Google’s 2012 revenue? Two percent will come from iOS

Look, we already know Apple’s iOS platform made Google four times the revenue of Android by end of 2011, courtesy of huge traffic coming from iOS device owners using preloaded search and mapping services from Google.

And as Apple is said to reduce its dependency on the search giant with a rumored in-house mapping service, Google’s bottom line is becoming increasingly tied to the successes of Apple’s iPhone, iPod touch and iPad.

Google’s mobile advertising revenue? That’s nearly all Apple. Looking at the big picture, the search Goliath will get up to two percent of its total revenue for the calendar year 2012 from the iOS platform…

Philip Elmer-DeWitt over at Fortune relays a note to clients by Piper Jaffray analyst Gene Munster.

Here’s your excerpt:

Munster estimates that Google will generate about $4.5 billion in gross mobile revenue in 2012, the lion’s share ($4 billion) from search ads and the rest ($500 million) from display.

He believes that iOS is likely to remain the biggest or close to the biggest source of that revenue, generating roughly 40 percent of the total (or $1.6 billion).

Assuming Google keeps half (after subtracting so-called acquisition costs), iOS would generate about 2 percent of Google’s total revenue in 2012.

Now, if I were Google, I’d be making sure to turn that two percent into four percent and then six or eight percent rather than withhold features on iOS, such as turn-by-turn navigation.

iOS brings home the bacon, developers know it and Google knows it.

Another evidence that Android is peaking: according to a Consumer Intelligence Research Partners survey, some 38 percent of iPhone sales are to refugees from Android or Research In Motion.

That’s a lot of dissatisfied owners of Android devices and BlackBerrys jumping the ship.
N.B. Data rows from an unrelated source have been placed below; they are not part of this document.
Lemma chi_pair_term (c : 'I_m.+1) i j : i < j < m ->
  eval (chi (fun n => c \in pair_sets n) : nat -> S7) (pair_term m i j) = S7a.
Proof.
case/andP=> ij jm; have im : i < m by lia.
rewrite /= /chi pair_sets_y // /pair_sets im jm !inE.
have nij : (slot i == slot j) = false by rewrite slot_eq // ltn_eqF.
case ci: (c == slot i); case cj: (c == slot j) => //=.
by move: nij; rewrite -(eqP ci) -(eqP cj) eqxx.
Qed.

Lemma WSub_pair_sum_nonzero :
  ~ sat (WSub wpair K) (pair_sum m) (Mul (Var 0) (Var 0)).
Proof.
move=> /(_ (fun n => wsub_of wpair K (Some (pair_sets n)))).
rewrite (eval_WSub_sets ord0) => [|n]; last exact: admissible_pair_sets.
rewrite [eval _ (Mul _ _)]wsub_sqr (proj2 (wsub_proj_full _ _)) => [| | c].
- by move/(congr1 val); rewrite val_wsub_of /= /admissible wsum_pair_setT; case: ifP => //; lia.
- by rewrite /admissible wsum_pair_setT; lia.
by apply: eval_S7_pair_sum => // i j; apply: chi_pair_term.
Qed.

End PairSumCounterexample.

Lemma not_fin_generated_Nk k : 3 < k -> ~ fin_generated (in_Nk k).
Proof.
move=> k_gt3 [T [ad [mu BV]]]; pose m := #|T|.+2.
have BN : in_Nk k (Alg ad mu) by apply: (proj2 (BV _)) => s t.
have WN : in_Nk k (WSub (@wpair m) (Posz k.-1)) by apply: (WSub_in_Nk _ ord0); lia.
apply: (@WSub_pair_sum_nonzero m (Posz k.-1)); [lia | lia |].
apply: ((BV _).1 WN) => v; have [i [j [/andP [ij jT] vij]]] := pigeonhole v.
by apply: (N_eval_pair_sum BN.1 ij) => //; rewrite /m; lia.
Qed.

Theorem corollary4p14 (k : nat) : 1 <= k -> (fin_generated (in_Nk k) <-> k <= 3).
Proof.
move=> k_gt0; split => [fg | k_le3].
  by rewrite leqNgt; apply/negP => /not_fin_generated_Nk.
case: k k_gt0 k_le3 => [|[|[|[|]]]] // _ _.
- exact: fin_generated_Nk B1_in_N1 B1_generates_N1.
- exact: fin_generated_Nk B2_in_N2 B2_generates_N2.
- exact: fin_generated_Nk B3_in_N3 B3_generates_N3.
Qed.
(* Let $(G,u,v,\alpha,\beta)$ be a Guvab with $\lim_{k\to\infty}W_k=\frac12$ and $\beta<1$. Then there exists $N$ such that for all $k\ge N$, $$W_k=\frac12\sum_{w\in V(G)}|\xi_k(w)|,$$ where $\xi_k=\mu_k-\nu_k$.
   Context: A Guvab is a tuple $(G,u,v,\alpha,\beta)$ where $G$ is a finite, connected, simple graph, $u,v\in V(G)$, and $\alpha,\beta\in[0,1]$ with $\alpha\le\beta$. A random walk on $G$ with starting vertex $w$ and laziness $\gamma$ is the Markov chain $R_0=w$ and, for $i\ge1$, $R_i=R_{i-1}$ with probability $\gamma$ and $R_i=t$ with probability $\frac{1-\gamma}{\deg(R_{i-1})}$ for each neighbor $t$ of $R_{i-1}$. $\mu_k$ is the distribution after $k$ steps of the walk from $u$ with laziness $\alpha$, $\nu_k$ that of the walk from $v$ with laziness $\beta$, and $W_k=W(\mu_k,\nu_k)$ is the Wasserstein ($L^1$ optimal transport) distance with respect to the graph distance: the minimum over transportation plans (nonnegative $T$ on $V(G)\times V(G)$ with marginals $\mu_k,\nu_k$) of $\sum d(w_1,w_2)T(w_1,w_2)$. *)

From HB Require Import structures.
From mathcomp Require Import all_boot all_order all_algebra.
From mathcomp Require Import all_classical all_reals all_analysis.
Set Implicit Arguments. Unset Strict Implicit. Unset Printing Implicit Defensive.
Import Order.TTheory GRing.Theory Num.Theory.
Local Open Scope ring_scope.
Local Open Scope classical_set_scope.

Definition simple_graph (T : finType) (e : rel T) : Prop :=
  symmetric e /\ irreflexive e.

Definition connected_graph (T : finType) (e : rel T) : Prop :=
  forall x y : T, connect e x y.

Fixpoint reach (T : finType) (e : rel T) (n : nat) (x : T) : {set T} :=
  match n with
  | 0 => [set x]
  | n'.+1 => reach e n' x :|: [set y | [exists z in reach e n' x, e z y]]
  end.

(* graph distance: least n with y within n steps of x (distances in a
   connected graph on #|T| vertices are < #|T|) *)
Definition gdist (T : finType) (e : rel T) (x y : T) : nat :=
  find (fun n => y \in reach e n x) (iota 0 #|T|).

Definition deg (T : finType) (e : rel T) (x : T) : nat := #|[set y | e x y]|.

Definition trans (R : realType) (T : finType) (e : rel T) (g : R) (x y : T) : R :=
  if x == y then g else if e x y then (1 - g) / (deg e x)%:R else 0.

Definition step (R : realType) (T : finType) (e : rel T) (g : R) (m : T -> R) : T -> R :=
  fun y => \sum_(x : T) m x * trans e g x y.
(* For all positive integers $n,m$, \[s\text{-}sat(Q_n,Q_m)<\Big(m^2+\frac{m}{2}\Big)2^n.\]
   Context: $Q_n$ is the hypercube on $\{0,1\}^n$ with edges between vertices differing in exactly one coordinate. A copy of $F$ is a subgraph isomorphic to $F$. A graph $G$ is $(Q_n,F)$-semi-saturated if $G$ is a subgraph of $Q_n$ and adding any edge of $E(Q_n)\setminus E(G)$ increases the number of copies of $F$. $s\text{-}sat(Q_n,F)$ is the minimum number of edges of a $(Q_n,F)$-semi-saturated graph. *)

From HB Require Import structures.
From mathcomp Require Import all_boot all_order all_algebra.
Set Implicit Arguments. Unset Strict Implicit. Unset Printing Implicit Defensive.

Definition vert (n : nat) := {ffun 'I_n -> bool}.

Definition qadj (n : nat) (u v : vert n) : bool :=
  #|[set i : 'I_n | u i != v i]| == 1%N.

Definition qedges (n : nat) : {set {set vert n}} :=
  [set e : {set vert n} | [exists u : vert n, exists v : vert n,
      (e == [set u; v]) && qadj u v]].

Definition copies (n m : nat) (E : {set {set vert n}}) :
    {set {set vert n} * {set {set vert n}}} :=
  [set WS : {set vert n} * {set {set vert n}} |
     (WS.2 \subset E) &&
     [exists phi : {ffun vert m -> vert n},
        [&& injectiveb phi,
            WS.1 == phi @: [set: vert m] &
            WS.2 == [set (phi @: e) | e : {set vert m} in qedges m]]]].

Arguments copies : clear implicits.

Definition semisat (n m : nat) (E : {set {set vert n}}) : bool :=
  (E \subset qedges n) &&
  [forall e in qedges n :\: E, #|copies n m E| < #|copies n m (e |: E)|].

(* s-sat(Q_n, Q_m): minimum number of edges of a semi-saturated graph.
   (Q_n itself is semi-saturated, so #|qedges n| is a valid initial value.) *)

Arguments semisat : clear implicits.
Definition ssat (n m : nat) : nat :=
  \big[minn/#|qedges n|]_(E : {set {set vert n}} | semisat n m E) #|E|.
(* Let $X$ be a simplicial set, let $Y$ be a reduced $N$-simplicial set, and let $f\colon X\to Y$ be a simplicial map. Then $f$ is completely determined by its restriction to the $1$-skeleton of $X$.
   Context: A simplicial set $Y$ is reduced if $Y_0$ is a single point. The enumerating operator $E_n\colon Y_n\to Y_1\times\cdots\times Y_1$ ($n$ factors) sends an $n$-simplex $\sigma\colon\Delta[n]\to Y$ to the tuple of its consecutive edges $(\sigma|_{\{0,1\}},\dots,\sigma|_{\{n-1,n\}})$. $Y$ is an $N$-simplicial set if $E_n$ is injective for every $n\ge1$. *)

From mathcomp Require Import all_boot.
Set Implicit Arguments. Unset Strict Implicit. Unset Printing Implicit Defensive.

(* Objects of Δ: [n] = {0,...,n} = 'I_n.+1.  Morphisms [m] -> [n]:
   order-preserving (weakly monotone) maps. *)
Definition monob (m n : nat) (f : {ffun 'I_m.+1 -> 'I_n.+1}) : bool :=
  [forall i : 'I_m.+1, forall j : 'I_m.+1, (i <= j) ==> (f i <= f j)].

Definition DHom (m n : nat) := {f : {ffun 'I_m.+1 -> 'I_n.+1} | monob f}.

Definition did (n : nat) : DHom n n.
Proof. exists [ffun i => i]. by apply/forallP=> i; apply/forallP=> j; rewrite !ffunE; apply/implyP. Defined.

Definition dcomp (l m n : nat) (g : DHom m n) (f : DHom l m) : DHom l n.
Proof.
  exists [ffun i => sval g (sval f i)].
  apply/forallP=> i; apply/forallP=> j; apply/implyP=> hij; rewrite !ffunE.
  have /forallP/(_ i)/forallP/(_ j)/implyP hf := svalP f.
  have /forallP/(_ (sval f i))/forallP/(_ (sval f j))/implyP hg := svalP g.
  exact: hg (hf hij).
Defined.

Record sSet := {
  sobj :> nat -> Type;
  sact : forall m n : nat, DHom m n -> sobj n -> sobj m;
  sact_id : forall n (x : sobj n), sact (did n) x = x;
  sact_comp : forall l m n (g : DHom m n) (f : DHom l m) (x : sobj n),
      sact (dcomp g f) x = sact f (sact g x)
}.

Record smap (X Y : sSet) := {
  smap_fun :> forall n : nat, X n -> Y n;
  smap_nat : forall m n (a : DHom m n) (x : X n),
      @smap_fun m (sact a x) = sact a (@smap_fun n x)
}.

(* The 1-skeleton of X: the simplicial subset of simplices that are
   images X(α)(τ) of a k-simplex τ with k <= 1 (i.e. degeneracies of
   vertices and edges). *)
Definition in_sk1 (X : sSet) (n : nat) (x : X n) : Prop :=
  exists (k : nat) (_ : k <= 1) (a : DHom n k) (t : X k), x = sact a t.

Definition reduced (Y : sSet) : Prop := exists y0 : Y 0, forall y : Y 0, y = y0.

Definition edge_inc (n : nat) (i : 'I_n) : DHom 1 n.
Proof.
  exists [ffun j : 'I_2 => (inord (i + j) : 'I_n.+1)].
  apply/forallP=> j; apply/forallP=> j'; apply/implyP=> hjj'; rewrite !ffunE.
  have hi := ltn_ord i; have hj := ltn_ord j; have hj' := ltn_ord j'.
  rewrite !inordK ?leq_add2l //.
  - by rewrite ltnS; move: hj' hi; case: (nat_of_ord j') => [|[|]] //= _;
       rewrite ?addn0 ?addn1 // => /ltnW.
  - by rewrite ltnS; move: hj hi; case: (nat_of_ord j) => [|[|]] //= _;
       rewrite ?addn0 ?addn1 // => /ltnW.
Defined.

Definition enum_op (Y : sSet) (n : nat) (y : Y n) : 'I_n -> Y 1 :=
  fun i => sact (edge_inc i) y.

Definition N_simplicial (Y : sSet) : Prop :=
  forall n : nat, 1 <= n -> forall y y' : Y n,
    (forall i : 'I_n, enum_op y i = enum_op y' i) -> y = y'.

From mathcomp Require Import all_boot.

(* In an N-simplicial set a simplex of positive dimension is determined by its
   consecutive edges, and naturality carries these edges through a simplicial
   map. Hence two maps into an N-simplicial set agreeing on vertices and edges
   agree everywhere; vertices and edges lie in the 1-skeleton. *)

Lemma in_sk1_low_dim (X : sSet) (k : nat) (x : X k) : k <= 1 -> in_sk1 x.
Proof. by move=> hk; exists k, hk, (did k), x; rewrite sact_id. Qed.

Lemma enum_op_smap (X Y : sSet) (f : smap X Y) (n : nat) (x : X n) (i : 'I_n) :
  enum_op (f n x) i = f 1 (sact (edge_inc i) x).
Proof. by rewrite /enum_op smap_nat. Qed.

Lemma smap_eq_of_eq_low_dim (X Y : sSet) (hN : N_simplicial Y) (f g : smap X Y) :
  (forall x : X 0, f 0 x = g 0 x) -> (forall x : X 1, f 1 x = g 1 x) ->
  forall (n : nat) (x : X n), f n x = g n x.
Proof.
move=> fg0 fg1 [|n] x; first exact: fg0.
by apply: hN => // i; rewrite !enum_op_smap fg1.
Qed.

Theorem lemma4p6 (X Y : sSet) (hred : reduced Y) (hN : N_simplicial Y)
    (f g : smap X Y) :
  (forall (n : nat) (x : X n), in_sk1 x -> f n x = g n x) ->
  forall (n : nat) (x : X n), f n x = g n x.
Proof.
move=> fg_sk1; apply: smap_eq_of_eq_low_dim => // x.
all: by apply: fg_sk1; apply: in_sk1_low_dim.
Qed.
Lemma nval_eqy x : nval x = +oo%E -> x = nzero.
Proof.
move=> xy; apply/funext => l; apply: (nval_geP x (l + 1)).1; last lra.
by rewrite xy leey.
Qed.

Lemma seq_gap (s : seq RR) r : (forall l, l \in s -> r < l) ->
  exists2 g, 0 < g & forall l, l \in s -> r + g <= l.
Proof.
elim: s => [|y s IH] hs; first by exists 1 => // l; rewrite in_nil.
have [g g0 hg] : exists2 g, 0 < g & forall l, l \in s -> r + g <= l.
  by apply: IH => l ls; apply: hs; rewrite in_cons ls orbT.
have yr := hs y (mem_head y s).
have [gy|yg] := leP g (y - r).
  by exists g => // l; rewrite in_cons => /orP[/eqP -> | /hg]; lra.
by exists (y - r) => [|l]; [lra | rewrite in_cons => /orP[/eqP -> | /hg]; lra].
Qed.

(* Only finitely many exponents below r + 1 carry a coefficient, so a zero
   coefficient at r leaves a gap above r. *)
Lemma nval_ge_gap x r : is_nov x -> nval_ge x r -> x r = 0 ->
  exists2 g, 0 < g & nval_ge x (r + g).
Proof.
move=> nx hx xr; have [s Es] := (finite_seqP _).1 (nx (r + 1)).
have [g g0 hg] : exists2 g, 0 < g & forall l, l \in s -> r + g <= l.
  apply: seq_gap => l ls; have : [set` s] l by [].
  rewrite -Es => -[_ xl]; case: (ltgtP l r) => // [lr|lr].
    by move: xl; rewrite hx ?eqxx.
  by move: xl; rewrite lr xr eqxx.
have [k [k0 k1 kg]] : exists k, [/\ 0 < k, k <= 1 & k <= g].
  by have [g1|g1] := leP g 1; [exists g | exists 1]; split; lra.
exists k => // l lt; apply/eqP/negPn/negP => xl.
have : [set` s] l by rewrite -Es; split => //; lra.
by move=> /= /hg; lra.
Qed.

Definition supp_below (x : nov) (c : RR) := [set m | m < c /\ x m != 0].

Lemma nmul_fin x y l (A : set RR) : finite_set A ->
  (forall m, x m * y (l - m) != 0 -> A m) ->
  nmul x y l = \sum_(m <- fset_set A) x m * y (l - m).
Proof.
move=> fA HA; rewrite /nmul -fsbig_finite //.
apply/esym/fsbig_widen => // m [_ nA] /=; apply/eqP.
by apply: contra_notT nA => /HA.
Qed.

Lemma nmul_term_suppl x y l s m : nval_ge y s ->
  x m * y (l - m) != 0 -> supp_below x (l - s + 1) m.
Proof.
move=> hy; rewrite mulf_eq0 negb_or => /andP[xm ym]; split => //.
case: (ltP (l - m) s) => h; first by move: ym; rewrite hy ?eqxx.
lra.
Qed.

Lemma nmul_term_suppr x y l r m : nval_ge x r ->
  x m * y (l - m) != 0 -> ((fun n => l - n) @` supp_below y (l - r + 1)) m.
Proof.
move=> hx; rewrite mulf_eq0 negb_or => /andP[xm ym].
exists (l - m); last by rewrite opprB addrC subrK.
split => //; case: (ltP m r) => h; first by move: xm; rewrite hx ?eqxx.
lra.
Qed.

Lemma nmulBr x y y' s l : is_nov x -> nval_ge y s -> nval_ge y' s ->
  nmul x (nsub y y') l = nmul x y l - nmul x y' l.
Proof.
move=> nx hy hy'; have hyy := nval_geB hy hy'.
rewrite !(@nmul_fin _ _ l (supp_below x (l - s + 1))) //;
  try by [apply: nx | move=> m; apply: nmul_term_suppl].
by rewrite -sumrB; apply: eq_bigr => m _; rewrite /nsub /nadd /nopp mulrBr.
Qed.

Lemma nmulDl x x' y r l : is_nov y -> nval_ge x r -> nval_ge x' r ->
  nmul (nadd x x') y l = nmul x y l + nmul x' y l.
Proof.
move=> ny hx hx'; have hxx := nval_geD hx hx'.
have fA : finite_set ((fun n => l - n) @` supp_below y (l - r + 1)).
  exact/finite_image/ny.
rewrite !(@nmul_fin _ _ l _ fA); try by move=> m; apply: nmul_term_suppr.
by rewrite -big_split; apply: eq_bigr => m _; rewrite /nadd mulrDl.
Qed.

Lemma nmulBl x x' y r l : is_nov y -> nval_ge x r -> nval_ge x' r ->
  nmul (nsub x x') y l = nmul x y l - nmul x' y l.
Proof.
move=> ny hx hx'; rewrite /nsub (nmulDl l ny hx (nval_geN hx')).
congr (_ + _); have hxx := nval_geN hx'.
have fA : finite_set ((fun n => l - n) @` supp_below y (l - r + 1)).
  exact/finite_image/ny.
rewrite !(@nmul_fin _ _ l _ fA); try by move=> m; apply: nmul_term_suppr.
by rewrite -sumrN; apply: eq_bigr => m _; rewrite /nopp mulNr.
Qed.

Lemma nov_ext f g : (forall l, f l = g l) -> is_nov f -> is_nov g.
Proof. by move=> e; have -> : g = f by apply/funext => l; rewrite e. Qed.

Lemma nov0 : is_nov nzero.
Proof.
move=> M; apply: (sub_finite_set _ (@finite_set0 RR)) => l [_].
by rewrite eqxx.
Qed.

Lemma nov1 : is_nov none.
Proof.
move=> M; apply: (sub_finite_set _ (finite_set1 (0:RR))) => l [_].
by rewrite /none; case: ifP => [/eqP -> //|_]; rewrite eqxx.
Qed.

Lemma nval_ge1 : nval_ge none 0.
Proof. by move=> l l0; rewrite /none; case: eqP => // e; move: l0; rewrite e ltxx. Qed.

Lemma nov_add x y : is_nov x -> is_nov y -> is_nov (nadd x y).
Proof.
move=> nx ny M.
have hf : finite_set (supp_below x M `|` supp_below y M).
  by rewrite finite_setU; split; [apply: nx | apply: ny].
apply: (sub_finite_set _ hf) => l [lM]; rewrite /nadd.
case: (eqVneq (x l) 0) => [-> |xl]; last by left.
by rewrite add0r => yl; right.
Qed.

Lemma nov_opp x : is_nov x -> is_nov (nopp x).
Proof.
move=> nx M; apply: (sub_finite_set _ (nx M)) => l [lM].
by rewrite /nopp oppr_eq0.
Qed.

Lemma nov_sub x y : is_nov x -> is_nov y -> is_nov (nsub x y).
Proof. by move=> nx ny; apply: nov_add => //; apply: nov_opp. Qed.

Lemma nov_sum (I : Type) (r : seq I) (P : pred I) (F : I -> nov) :
  (forall i, P i -> is_nov (F i)) -> is_nov (fun l => \sum_(i <- r | P i) F i l).
Proof.
move=> hF; elim: r => [|i r IH]; first by apply: (nov_ext _ nov0) => l; rewrite big_nil.
case: (boolP (P i)) => Pi.
  by apply: (nov_ext _ (nov_add (hF i Pi) IH)) => l; rewrite big_cons Pi.
by apply: (nov_ext _ IH) => l; rewrite big_cons (negbTE Pi).
Qed.

Lemma nov_mul x y r s : is_nov x -> is_nov y -> nval_ge x r -> nval_ge y s ->
  is_nov (nmul x y).
Proof.
move=> nx ny hx hy M.
apply: (sub_finite_set _ (finite_image2 +%R (nx (M - s)) (ny (M - r)))).
move=> l [lM nz].
have [m hm] : exists m, x m * y (l - m) != 0.
  apply: contrapT => hn; move/eqP: nz; apply; rewrite /nmul fsbig1 // => m _.
  by apply/eqP/negPn/negP => hm; apply: hn; exists m.
move: hm; rewrite mulf_eq0 negb_or => /andP[xm ym].
have mr : r <= m by case: (ltP m r) => // h; move: xm; rewrite hx ?eqxx.
have ms : s <= l - m by case: (ltP (l - m) s) => // h; move: ym; rewrite hy ?eqxx.
exists m; first by split => //; lra.
exists (l - m); first by split => //; lra.
by rewrite addrC subrK.
Qed.

(* [nshift r al x] is T^(-r) x / al. *)
Definition nshift (r : RR) (al : CC) (x : nov) : nov := fun l => x (l + r) / al.

Lemma nov_shift r al x : is_nov x -> is_nov (nshift r al x).
Proof.
move=> nx M; apply: (sub_finite_set _ (finite_image (fun n => n - r) (nx (M + r)))).
move=> l [lM]; rewrite /nshift mulf_eq0 negb_or => /andP[xl _].
by exists (l + r); [split => //; lra | rewrite addrK].
Qed.

Lemma nval_ge_shift r al x t : nval_ge x t -> nval_ge (nshift r al x) (t - r).
Proof. by move=> hx l lt; rewrite /nshift hx ?mul0r //; lra. Qed.

Definition ncauchy (u : nat -> nov) := forall M, exists N, forall n l,
  (N <= n)%N -> l < M -> u n l = u N l.

Definition nconv (u : nat -> nov) (s : nov) := forall M, exists N, forall n,
  (N <= n)%N -> nval_ge (nsub s (u n)) M.

(* Coefficientwise limit; its value is only meaningful for Cauchy sequences. *)
Definition nlim (u : nat -> nov) : nov :=
  fun l => u (xget 0%N [set N | forall n, (N <= n)%N -> u n l = u N l]) l.

Lemma tconvE : tconv = nconv.
Proof.
apply/funext => u; apply/funext => s; apply/propext.
by split => h M; have [N hN] := h M; exists N => n /hN /nval_geP.
Qed.

Lemma nconvP u s M : nconv u s ->
  exists N, forall n l, (N <= n)%N -> l < M -> s l = u n l.
Proof.
move=> h; have [N hN] := h M; exists N => n l nN lM.
by apply/eqP; rewrite -subr_eq0; apply/eqP; apply: (hN n nN).
Qed.

Lemma ncauchy_nconv u : ncauchy u -> nconv u (nlim u).
Proof.
move=> hu M; have [N hN] := hu M; exists N => n nN l lM.
have : exists N, forall n, (N <= n)%N -> u n l = u N l.
  by exists N => k kN; apply: hN.
move=> /(xgetPex 0%N); rewrite /nsub /nadd /nopp /nlim.
move: (xget 0%N _) => N1 h1; rewrite -(h1 (maxn n N1)) ?leq_maxr //.
by rewrite hN ?(leq_trans nN (leq_maxl _ _)) // -(hN n l nN lM) subrr.
Qed.

Lemma nov_nlim u : ncauchy u -> (forall n, is_nov (u n)) -> is_nov (nlim u).
Proof.
move=> hu nu M; have [N hN] := nconvP M (ncauchy_nconv hu).
by apply: (sub_finite_set _ (nu N M)) => l [lM]; rewrite (hN N l).
Qed.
Court documents related to Google’s settlement offer to Oracle show that between the end of 2008 through to the end of 2011 Android earned Google $543 million in revenue, while during the same period iOS raked in four times more in advertising revenues.


In the first five months of 2012, on every dollar made from sales of iOS apps developers made 24-cents on Android, according to advertising and analytics company Flurry.

I also found this in a recent Wall Street Journal story about Apple’s own mapping service.

The use of Google search on the iPhone is believed by several mobile industry analysts to generate the majority of Google’s mobile search-ad revenue.

And what happens when Apple supplants a Google Maps backend with its own tiles?

According to former Google employees quoted in the Journal article:

In the short term, Google will lose some ad revenue and miss out on data about what local businesses people are searching for—which it uses to pitch retailers on buying certain ads. Longer term, it is likely to hurt Google’s ability to generate map-related revenue.

Note that Google Maps is used by more than 90 percent of iPhone users in the United States. As for search traffic, last September former FTC official (now a Google employee) Susan Creighton testified under oath that two-thirds of mobile search queries came from iOS devices.

That’s crazy.

The iPhone has about 25 percent share in smartphones and Android’s is two times greater so you’d expect Google’s platform would attract the most search queries.

In my opinion, Google and its then CEO Eric Schmidt (who sat on Apple’s board at the time) should have found a way of entering the smartphone market without blindsiding Jobs.

So Apple struck back and is now waging war against Google on many fronts and multiple dimensions.

It’s epic and unfolding before our own eyes.

Something to tell your grandchildren about, huh?